Copy every line from the material below that holds "WeightBalancing".
[Start of section]
(* Consider the distributed quantized weight-balancing algorithm described in the context on a strongly connected digraph, with step-size $\gamma(k)=2^{-n}$ for $2^n-1\le k\le 2^{n+1}-2$. Then the sequence of weight matrices $\{\mathbf{A}(k)\}_{k\in\mathbb{Z}_+}$, $\mathbf{A}(k)=(a_{ij}(k))$, is bounded.
   Context: $\mathcal{G}=(\mathcal{V},\mathcal{E})$, $\mathcal{V}=\{1,\dots,N\}$, no self-loops, strongly connected; $\mathcal{N}_i^-=\{j:(j,i)\in\mathcal{E}\}$, $\mathcal{N}_i^+=\{j:(i,j)\in\mathcal{E}\}$, $d_i^+=|\mathcal{N}_i^+|$. Algorithm: $a_{ij}(0)=1$ if $j\in\mathcal{N}_i^-$ and $0$ otherwise; $b_i(k)=\sum_{j\in\mathcal{N}_i^-}a_{ij}(k)-\sum_{j\in\mathcal{N}_i^+}a_{ji}(k)$; $n_i(k)=1$ if $b_i(k)\ge d_i^+\gamma(k)$, else $0$; $a_{ij}(k+1)=a_{ij}(k)+n_j(k)\gamma(k)$ for $j\in\mathcal{N}_i^-$ (other entries remain $0$). *)

From HB Require Import structures.
From mathcomp Require Import all_boot all_order all_algebra.
Set Implicit Arguments. Unset Strict Implicit. Unset Printing Implicit Defensive.
Import Order.TTheory GRing.Theory Num.Theory.
Local Open Scope ring_scope.

(* Digraph on vertices 'I_N given by a relation e : rel 'I_N;
   e j i means (j,i) is an edge, i.e. j \in N_i^- and i \in N_j^+. *)

Section Alg.
Variables (R : realFieldType) (N : nat) (e : rel 'I_N) (gamma : nat -> R).

Definition outdeg (i : 'I_N) : nat := #|[set j | e i j]|.

Definition imbalance (a : 'I_N -> 'I_N -> R) (i : 'I_N) : R :=
  \sum_(j | e j i) a i j - \sum_(j | e i j) a j i.

Definition nflag (a : 'I_N -> 'I_N -> R) (g : R) (i : 'I_N) : R :=
  if (outdeg i)%:R * g <= imbalance a i then 1 else 0.

Fixpoint weights (k : nat) : 'I_N -> 'I_N -> R :=
  match k with
  | 0 => fun i j => if e j i then 1 else 0
  | k'.+1 =>
      let a := weights k' in
      fun i j => if e j i then a i j + nflag a (gamma k') j * gamma k' else 0
  end.
End Alg.

(* All weights on the out-edges of a node j equal a common value w_j, which
   starts at 1 and only grows.  The imbalances always sum to 0.  A node that
   has fired at least once keeps a nonnegative imbalance, and a node that has
   never fired still has w = 1, so every imbalance is at least -N and hence at
   most N^2.  Since w_u <= b_v + d_v^+ w_v <= N^2 + N w_v along each edge u -> v,
   as long as some node has not yet fired, every w is bounded by N iterations
   of x |-> N^2 + N x starting from 1.  Once every node has fired, all
   imbalances are nonnegative with sum 0, hence 0, so no node with an out-edge
   fires any more and the weights are frozen. *)
From HB Require Import structures.
From mathcomp Require Import all_boot all_order all_algebra.
From mathcomp Require Import ring lra zify.
Import Order.TTheory GRing.Theory Num.Theory.
Local Open Scope ring_scope.

Set Implicit Arguments. Unset Strict Implicit. Unset Printing Implicit Defensive.

Lemma dyadic_step_bounds (R : realFieldType) (gamma : nat -> R)
  (Hgamma : forall n k : nat, (2 ^ n - 1 <= k <= 2 ^ n.+1 - 2)%N ->
              gamma k = (2%:R ^+ n)^-1) (k : nat) :
  0 < gamma k <= 1.
Proof.
have /andP[lo hi] := @trunc_log_bounds 2 k.+1 isT isT.
rewrite (Hgamma (trunc_log 2 k.+1)); last by apply/andP; split; lia.
have pow_ge1 : (1 : R) <= 2%:R ^+ trunc_log 2 k.+1 by rewrite exprn_ege1 ?ler1n.
by rewrite invr_gt0 invf_le1 (lt_le_trans ltr01 pow_ge1).
Qed.

Lemma outdeg_le (N : nat) (e : rel 'I_N) (i : 'I_N) : (outdeg e i <= N)%N.
Proof. by rewrite /outdeg -[leqRHS]card_ord max_card. Qed.

Lemma sum_imbalance (R : realFieldType) (N : nat) (e : rel 'I_N)
  (a : 'I_N -> 'I_N -> R) : \sum_i imbalance e a i = 0.
Proof. by rewrite /imbalance sumrB (exchange_big_dep xpredT) //= subrr. Qed.

Lemma sum_eq0_ub (R : realFieldType) (N : nat) (F : 'I_N -> R) (c : R) :
  0 <= c -> \sum_i F i = 0 -> (forall i, - c <= F i) -> forall i, F i <= N%:R * c.
Proof.
move=> c_ge0 sum0 lb i.
have sum_shift : \sum_j (F j + c) = N%:R * c.
  by rewrite big_split /= sum0 add0r sumr_const card_ord mulr_natl.
have : F i + c <= \sum_j (F j + c).
  rewrite (bigD1 i) //= lerDl; apply: sumr_ge0 => j _.
  by have := lb j; lra.
have := lb i; lra.
Qed.

Section WeightBalancing.

Variables (R : realFieldType) (N : nat) (e : rel 'I_N) (gamma : nat -> R).
Implicit Types (k : nat) (i j u v : 'I_N).

Definition flag k j : R := nflag e (weights e gamma k) (gamma k) j.

Definition bal k i : R := imbalance e (weights e gamma k) i.

(* [node_weight k j] is the common value of [a_ij(k)] over the out-neighbours [i] of [j]. *)
Fixpoint node_weight k j : R :=
  if k is k'.+1 then node_weight k' j + flag k' j * gamma k' else 1.

Fixpoint has_fired k j : bool :=
  if k is k'.+1 then has_fired k' j || (flag k' j == 1) else false.

Lemma weightsE k i j : weights e gamma k i j = if e j i then node_weight k j else 0.
Proof. by elim: k i j => [|k IH] i j //=; rewrite IH; case: (e j i). Qed.

Variant flag_spec k i : R -> Prop :=
  | FlagUp of (outdeg e i)%:R * gamma k <= bal k i : flag_spec k i 1
  | FlagDown of bal k i < (outdeg e i)%:R * gamma k : flag_spec k i 0.

Lemma flagP k i : flag_spec k i (flag k i).
Proof. by rewrite /flag /nflag; case: ifP => h; constructor; rewrite // ltNge h. Qed.

Lemma flag_ge0 k i : 0 <= flag k i.
Proof. by case: flagP. Qed.

Lemma flag_le1 k i : flag k i <= 1.
Proof. by case: flagP; rewrite ?ler01. Qed.

Lemma balE k i :
  bal k i = \sum_(j | e j i) node_weight k j - (outdeg e i)%:R * node_weight k i.
Proof.
rewrite /bal /imbalance.
rewrite (eq_bigr (node_weight k)) => [|j eji]; last by rewrite weightsE eji.
rewrite [X in _ - X](eq_bigr (fun=> node_weight k i)) => [|j eij]; last by rewrite weightsE eij.
by rewrite sumr_const /outdeg cardsE mulr_natl.
Qed.

Lemma sum_bal k : \sum_i bal k i = 0.
Proof. exact: sum_imbalance. Qed.

Lemma bal_step k i :
  bal k.+1 i = bal k i + gamma k *
     (\sum_(j | e j i) flag k j - (outdeg e i)%:R * flag k i).
Proof. by rewrite !balE /= big_split /= -mulr_suml; ring. Qed.

Lemma node_weight_unfired k i : ~~ has_fired k i -> node_weight k i = 1.
Proof.
elim: k => [|k IH] //=; rewrite negb_or => /andP[/IH -> unflagged].
by case: flagP unflagged => [_|_ _]; rewrite ?eqxx // mul0r addr0.
Qed.

Hypothesis gamma_gt0 : forall k, 0 < gamma k.

Lemma node_weight_ge1 k j : 1 <= node_weight k j.
Proof.
elim: k => [|k IH] //=.
have : 0 <= flag k j * gamma k by rewrite mulr_ge0 ?flag_ge0 ?ltW.
lra.
Qed.

Lemma node_weight_ge0 k j : 0 <= node_weight k j.
Proof. exact: le_trans ler01 (node_weight_ge1 k j). Qed.

Lemma bal_fired_ge0 k i : has_fired k i -> 0 <= bal k i.
Proof.
elim: k => [|k IH] //=.
have in_flags : 0 <= gamma k * \sum_(j | e j i) flag k j.
  by rewrite mulr_ge0 ?(ltW (gamma_gt0 k)) ?sumr_ge0 // => j _; apply: flag_ge0.
rewrite bal_step mulrBr mulrCA.
case: flagP => [up _|down]; first by rewrite mulr1; lra.
by rewrite eq_sym oner_eq0 orbF mulr0 => /IH; lra.
Qed.

Lemma bal_ge k i : - N%:R <= bal k i.
Proof.
have N_ge0 : (0 : R) <= N%:R by rewrite ler0n.
have [/bal_fired_ge0|/node_weight_unfired unfired] := boolP (has_fired k i).
  lra.
rewrite balE unfired mulr1.
have : 0 <= \sum_(j | e j i) node_weight k j.
  by apply: sumr_ge0 => j _; apply: node_weight_ge0.
have : (outdeg e i)%:R <= N%:R :> R by rewrite ler_nat outdeg_le.
lra.
Qed.

Lemma bal_le k i : bal k i <= N%:R * N%:R.
Proof. exact: sum_eq0_ub (ler0n _ N) (sum_bal k) (bal_ge k) i. Qed.

Definition hop (x : R) : R := N%:R * N%:R + N%:R * x.

Lemma hop_mono (x y : R) : x <= y -> hop x <= hop y.
Proof. by move=> le_xy; rewrite /hop lerD2l ler_wpM2l ?ler0n. Qed.

Lemma iter_hop_mono n (x y : R) : x <= y -> iter n hop x <= iter n hop y.
Proof. by move=> le_xy; elim: n => [|n IH] //=; apply: hop_mono. Qed.

Lemma iter_hop_ge0 n (x : R) : 0 <= x -> 0 <= iter n hop x.
Proof.
move=> x_ge0; elim: n => [|n IH] //=.
by rewrite /hop addr_ge0 ?mulr_ge0 ?ler0n.
Qed.

Lemma iter_hop_ge n (x : R) : (0 < N)%N -> 0 <= x -> x <= iter n hop x.
Proof.
move=> N_gt0 x_ge0; elim: n => [|n IH] //=.
apply: le_trans IH _; have := iter_hop_ge0 n x_ge0.
have : (1 : R) <= N%:R by rewrite ler1n.
rewrite /hop; nra.
Qed.

Lemma node_weight_edge k u v :
  e u v -> node_weight k u <= hop (node_weight k v).
Proof.
move=> euv.
have : node_weight k u <= \sum_(j | e j v) node_weight k j.
  rewrite (bigD1 u) //= lerDl.
  by apply: sumr_ge0 => j _; apply: node_weight_ge0.
have := bal_le k v; rewrite balE.
have : (outdeg e v)%:R * node_weight k v <= N%:R * node_weight k v.
  by rewrite ler_wpM2r ?node_weight_ge0 // ler_nat outdeg_le.
rewrite /hop; lra.
Qed.

Lemma node_weight_path k p u :
  path e u p -> node_weight k u <= iter (size p) hop (node_weight k (last u p)).
Proof.
elim: p u => [|v p IH] u //= /andP[euv /IH le_v].
exact: le_trans (node_weight_edge k euv) (hop_mono le_v).
Qed.

Definition weight_bound : R := iter N hop 1.

Hypothesis connected : forall i j, connect e i j.

Lemma node_weight_le_unfired k z :
  ~~ has_fired k z -> forall u, node_weight k u <= weight_bound.
Proof.
move=> /node_weight_unfired unfired_z u.
have N_gt0 : (0 < N)%N by apply: leq_ltn_trans (ltn_ord u).
have /connectP [p pth z_last] := connected u z.
case: (shortenP pth) z_last => q qth uniq_q _ z_last.
apply: le_trans (node_weight_path k qth) _; rewrite -z_last unfired_z.
have size_q : (size q < N)%N.
  by have := max_card (mem (u :: q)); rewrite card_ord (card_uniqP uniq_q).
have -> : weight_bound = iter (size q) hop (iter (N - size q) hop 1).
  by rewrite /weight_bound -iterD subnKC // ltnW.
by apply/iter_hop_mono/iter_hop_ge; rewrite ?ler01.
Qed.

Lemma bal_all_fired k : (forall z, has_fired k z) -> forall i, bal k i = 0.
Proof.
move=> all_fired i; apply: (psumr_eq0P (P := xpredT)) (sum_bal k) i isT.
by move=> z _; apply: bal_fired_ge0.
Qed.

Lemma flag_all_fired k i j : e j i -> (forall z, has_fired k z) -> flag k j = 0.
Proof.
move=> eji /bal_all_fired /(_ j) bal0.
have outdeg_gt0 : (0 < outdeg e j)%N.
  by rewrite /outdeg card_gt0; apply/set0Pn; exists i; rewrite inE.
case: flagP => // up; have : 0 < (outdeg e j)%:R * gamma k.
  by rewrite mulr_gt0 ?ltr0n.
lra.
Qed.

Hypothesis gamma_le1 : forall k, gamma k <= 1.

Lemma node_weight_bounded k i j : e j i -> node_weight k j <= weight_bound + 1.
Proof.
move=> eji; have bound_ge0 : 0 <= weight_bound by apply/iter_hop_ge0/ler01.
elim: k => [|k IH] /=; first lra.
have [/existsP[z /node_weight_le_unfired /(_ j) le_bound]|all_fired] :=
  boolP [exists z, ~~ has_fired k z].
  have : flag k j * gamma k <= 1 by rewrite mulr_ile1 ?flag_ge0 ?flag_le1 ?(ltW (gamma_gt0 k)).
  lra.
rewrite (flag_all_fired eji) ?mul0r ?addr0 // => z.
by apply: contraNT all_fired => unfired; apply/existsP; exists z.
Qed.

End WeightBalancing.

Theorem lemma4 (R : realFieldType) (N : nat) (e : rel 'I_N) (gamma : nat -> R)
  (Hirr : forall i : 'I_N, ~~ e i i)
  (Hsc : forall i j : 'I_N, connect e i j)
  (Hgamma : forall n k : nat, (2 ^ n - 1 <= k <= 2 ^ n.+1 - 2)%N ->
              gamma k = (2%:R ^+ n)^-1) :
  exists M : R, forall (k : nat) (i j : 'I_N), `|weights e gamma k i j| <= M.
Proof.
have gamma_gt0 k : 0 < gamma k by have /andP[] := dyadic_step_bounds Hgamma k.
have gamma_le1 k : gamma k <= 1 by have /andP[] := dyadic_step_bounds Hgamma k.
exists (weight_bound R N + 1) => k i j.
rewrite weightsE; case: ifP => [eji|_].
  rewrite ger0_norm ?node_weight_ge0 //.
  exact (node_weight_bounded gamma_gt0 Hsc gamma_le1 k eji).
rewrite normr0 addr_ge0 ?ler01 //.
exact/iter_hop_ge0/ler01.
Qed.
[End of section]
OUTPUT FOR THIS TASK -
Section WeightBalancing.
End WeightBalancing.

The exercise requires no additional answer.